Splunk, New Relic, Trend Micro Deep Security on a Kubernetes cluster on Azure

This repo contains helm charts, scripts and notes on how to provide a configurable environment to deploy applications to a Kubernetes cluster on Azure. This cluster uses New Relic infrastructure and Splunk for monitoring and logging. Additionally, for security Trend Micro Deep Security is installed in the VMs of the cluster.

Requirements

• Azure Cli 2.0
• New Relic Infrastructure - License Key and access to the portal (We can use a free trial)
• Splunk
• Trend Micro Deep Security
• Docker
• Kubectl
• Helm client

Set up

Deploying Kubernetes on ACS

First of all, we need to set some environment variables to make this process a little bit easier. Feel free to edit them and paste them into your terminal.

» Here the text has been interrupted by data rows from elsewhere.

Lemma turning_point_bounds eps lam xi0 : 1 < eps -> 0 < xi0 -> U lam xi0 = eps ^ 2 ->
  2 < xi0 /\ 2 * xi0 < lam ^ 2.
Proof.
  intros Heps Hxi0 HU.
  assert (Hc := radial_cubic_root eps lam xi0 ltac:(lra) HU).
  unfold radial_cubic in Hc.
  assert (0 < (eps ^ 2 - 1) * xi0 ^ 3) by (apply Rmult_lt_0_compat; [nra | apply pow_lt; lra]).
  assert (Hl : 2 * xi0 ^ 2 < lam ^ 2 * (xi0 - 2)) by nra.
  assert (H2 : 2 < xi0) by nra.
  split; nra.
Qed.

Definition radial_cubic_dq (eps lam xi0 u : R) : R :=
  (eps ^ 2 - 1) * (u ^ 2 + 3 * xi0 * u + 3 * xi0 ^ 2) + 2 * (u + 2 * xi0) - lam ^ 2.

Lemma radial_cubic_shift eps lam xi0 u :
  radial_cubic eps lam (xi0 + u) = radial_cubic eps lam xi0 + u * radial_cubic_dq eps lam xi0 u.
Proof. unfold radial_cubic, radial_cubic_dq; ring. Qed.

Definition s_reg (eps lam xi0 t : R) : R :=
  sqrt (radial_cubic_dq eps lam xi0 (t ^ 2) / curve_xi xi0 t ^ 3).

Definition scat_pi (eps lam xi0 t : R) : R :=
  (2 / curve_xi xi0 t * eps + t * s_reg eps lam xi0 t) / (1 - 2 / curve_xi xi0 t).

Definition scat_numer (eps lam xi0 t : R) : R :=
  2 / curve_xi xi0 t * scat_pi eps lam xi0 t + (1 + 2 / curve_xi xi0 t) * eps.

Definition scat_density (eps lam xi0 t : R) : R :=
  2 * scat_numer eps lam xi0 t / s_reg eps lam xi0 t.

Section Supercritical.
Variables eps lam xi0 : R.
Hypothesis Heps : 1 < eps.
Hypothesis Hmax : xi_max lam < xi0.
Hypothesis HU : U lam xi0 = eps ^ 2.

Lemma xi0_gt_2 : 2 < xi0.
Proof. pose proof (xi_max_nonneg lam); apply (turning_point_bounds eps lam); auto; lra. Qed.

Lemma curve_xi_gt_2 t : 2 < curve_xi xi0 t.
Proof. pose proof xi0_gt_2; pose proof (pow2_ge_0 t); unfold curve_xi; lra. Qed.

(* [radial_cubic_dq 0] is the slope of the cubic at its simple root [xi0]. *)
Lemma radial_cubic_dq_pos u : 0 <= u -> 0 < radial_cubic_dq eps lam xi0 u.
Proof.
  intros Hu; pose proof xi0_gt_2 as H2.
  destruct (turning_point_bounds eps lam xi0 Heps ltac:(lra) HU) as [_ Hl].
  pose proof (U_deriv_numer_neg lam xi0 ltac:(split; lra)).
  assert (Hc := radial_cubic_root eps lam xi0 ltac:(lra) HU).
  assert (H0 : radial_cubic_dq eps lam xi0 0 * xi0 =
               3 * radial_cubic eps lam xi0 - 2 * (xi0 ^ 2 - lam ^ 2 * xi0 + 3 * lam ^ 2))
    by (unfold radial_cubic_dq, radial_cubic; ring).
  assert (0 < radial_cubic_dq eps lam xi0 0) by nra.
  assert (0 <= (eps ^ 2 - 1) * (u ^ 2 + 3 * xi0 * u)) by (apply Rmult_le_pos; nra).
  unfold radial_cubic_dq in *; nra.
Qed.

Lemma s_reg_pos t : 0 < s_reg eps lam xi0 t.
Proof.
  pose proof (curve_xi_gt_2 t).
  apply sqrt_lt_R0, Rdiv_lt_0_compat.
  - apply radial_cubic_dq_pos, pow2_ge_0.
  - apply pow_lt; lra.
Qed.

Lemma s_fun_curve t : s_fun eps lam (curve_xi xi0 t) = Rabs t * s_reg eps lam xi0 t.
Proof.
  pose proof (curve_xi_gt_2 t); pose proof xi0_gt_2.
  unfold s_fun, s_reg; rewrite eps2_sub_U by lra.
  unfold curve_xi in *.
  rewrite radial_cubic_shift, (radial_cubic_root eps lam xi0), Rplus_0_l by (auto; lra).
  rewrite <- Rmult_div_assoc, sqrt_mult_alt by apply pow2_ge_0.
  f_equal; rewrite <- sqrt_Rsqr_abs; unfold Rsqr; f_equal; ring.
Qed.

Lemma U_lt_eps2_on_curve t : t <> 0 -> U lam (curve_xi xi0 t) < eps ^ 2.
Proof.
  intros Ht; pose proof (s_fun_curve t) as Hs; pose proof (s_reg_pos t).
  assert (0 < s_fun eps lam (curve_xi xi0 t))
    by (rewrite Hs; apply Rmult_lt_0_compat; [apply Rabs_pos_lt|]; auto).
  unfold s_fun in *.
  destruct (Rlt_le_dec (U lam (curve_xi xi0 t)) (eps ^ 2)) as [|Hle]; auto.
  rewrite sqrt_neg_0 in * by lra; lra.
Qed.

Lemma curve_pi_eq t : t <> 0 -> curve_pi eps lam xi0 t = scat_pi eps lam xi0 t.
Proof.
  intros Ht; pose proof (curve_xi_gt_2 t).
  unfold curve_pi, scat_pi; destruct (Rlt_dec t 0) as [Hn|Hn].
  - rewrite pi_minus_eq, s_fun_curve, Rabs_left by (auto; lra || apply U_lt_eps2_on_curve; auto).
    f_equal; ring.
  - unfold pi_plus; rewrite s_fun_curve, Rabs_right by lra; reflexivity.
Qed.

Lemma integrand_curve_eq t : t <> 0 ->
  integrand eps (curve_xi xi0 t) (curve_pi eps lam xi0 t) * (2 * t) = scat_density eps lam xi0 t.
Proof.
  intros Ht; rewrite curve_pi_eq by exact Ht.
  pose proof (curve_xi_gt_2 t); pose proof (s_reg_pos t).
  assert (2 / curve_xi xi0 t < 1) by (apply Rcomplements.Rlt_div_l; lra).
  assert (Hden : (1 - 2 / curve_xi xi0 t) * scat_pi eps lam xi0 t - 2 / curve_xi xi0 t * eps
                 = t * s_reg eps lam xi0 t) by (unfold scat_pi; field; lra).
  unfold integrand, scat_density, scat_numer; rewrite Hden.
  field; repeat split; lra || exact Ht.
Qed.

RESOURCE_GROUP=coolrgname111
LOCATION=southcentralus
CLUSTER_NAME=k8s-clus2s3r2
CLUSTER_DNS=k8s-brusmx1213
ACR_NAME=coolacr12

Now, login to Azure in your CLI:

az login

After that, deploy a new resource group (it might take a couple of minutes):

az group create -n $RESOURCE_GROUP -l $LOCATION

It should return "provisioningState": "Succeeded".

Then, deploy the Azure Container Service (full documentation). This next command asumes you dont have ssh keys in your terminal, but you can remove the --generate-ssh-keys if you would like az to use your usual pair of ssh keys (uploads ~/.ssh/id_rsa.pub to the VMs):

az acs create --orchestrator-type=kubernetes -n $CLUSTER_NAME -g $RESOURCE_GROUP -d $CLUSTER_DNS --generate-ssh-keys

It should take about 10 minutes to finish and it will return a "provisioningState": "Succeeded".

The next step is to install kubectl by running:

az acs kubernetes install-cli

Obtain the .kube/config:

az acs kubernetes get-credentials -g=$RESOURCE_GROUP -n=$CLUSTER_NAME

And finally, verify you can connect to your cluster by getting your pods:

kubect get pods

Deploying ACR

In addition to the Azure Cli 2.0 and depending on your version you might have to install the acr component in your Az CLI.

az component update --add  acr

This component allow us to manage the Azure Container Registry through our CLI. We will use a ACR to host our Docker images that will be deployed later in our cluster. Deploy one on your subscription with the following command (full documentation):

az acr create -n $ACR_NAME -g $RESOURCE_GROUP -l $LOCATION

Allow admin access to your ACR to retrieve the username and password:

az acr update -n $ACR_NAME --admin-enabled true

And get the credentials:

ACR_CREDS=`az acr credential show -n $ACR_NAME` | echo $ACR_CREDS

If you have jq installed you can do the following:

ACR_USER=`echo $ACR_CREDS | jq -r '.username'`
ACR_PASS=`echo $ACR_CREDS | jq -r '.password'`

With these credentials we will be able to push the images to the registry.

These are the following steps to run:

1. Install TMDS through Custom Script Extension.
2. Deploy New Relic infra in the agents.
3. Deploy Splunk.
4. Deploy Application.
5. Test monitoring, logging and security.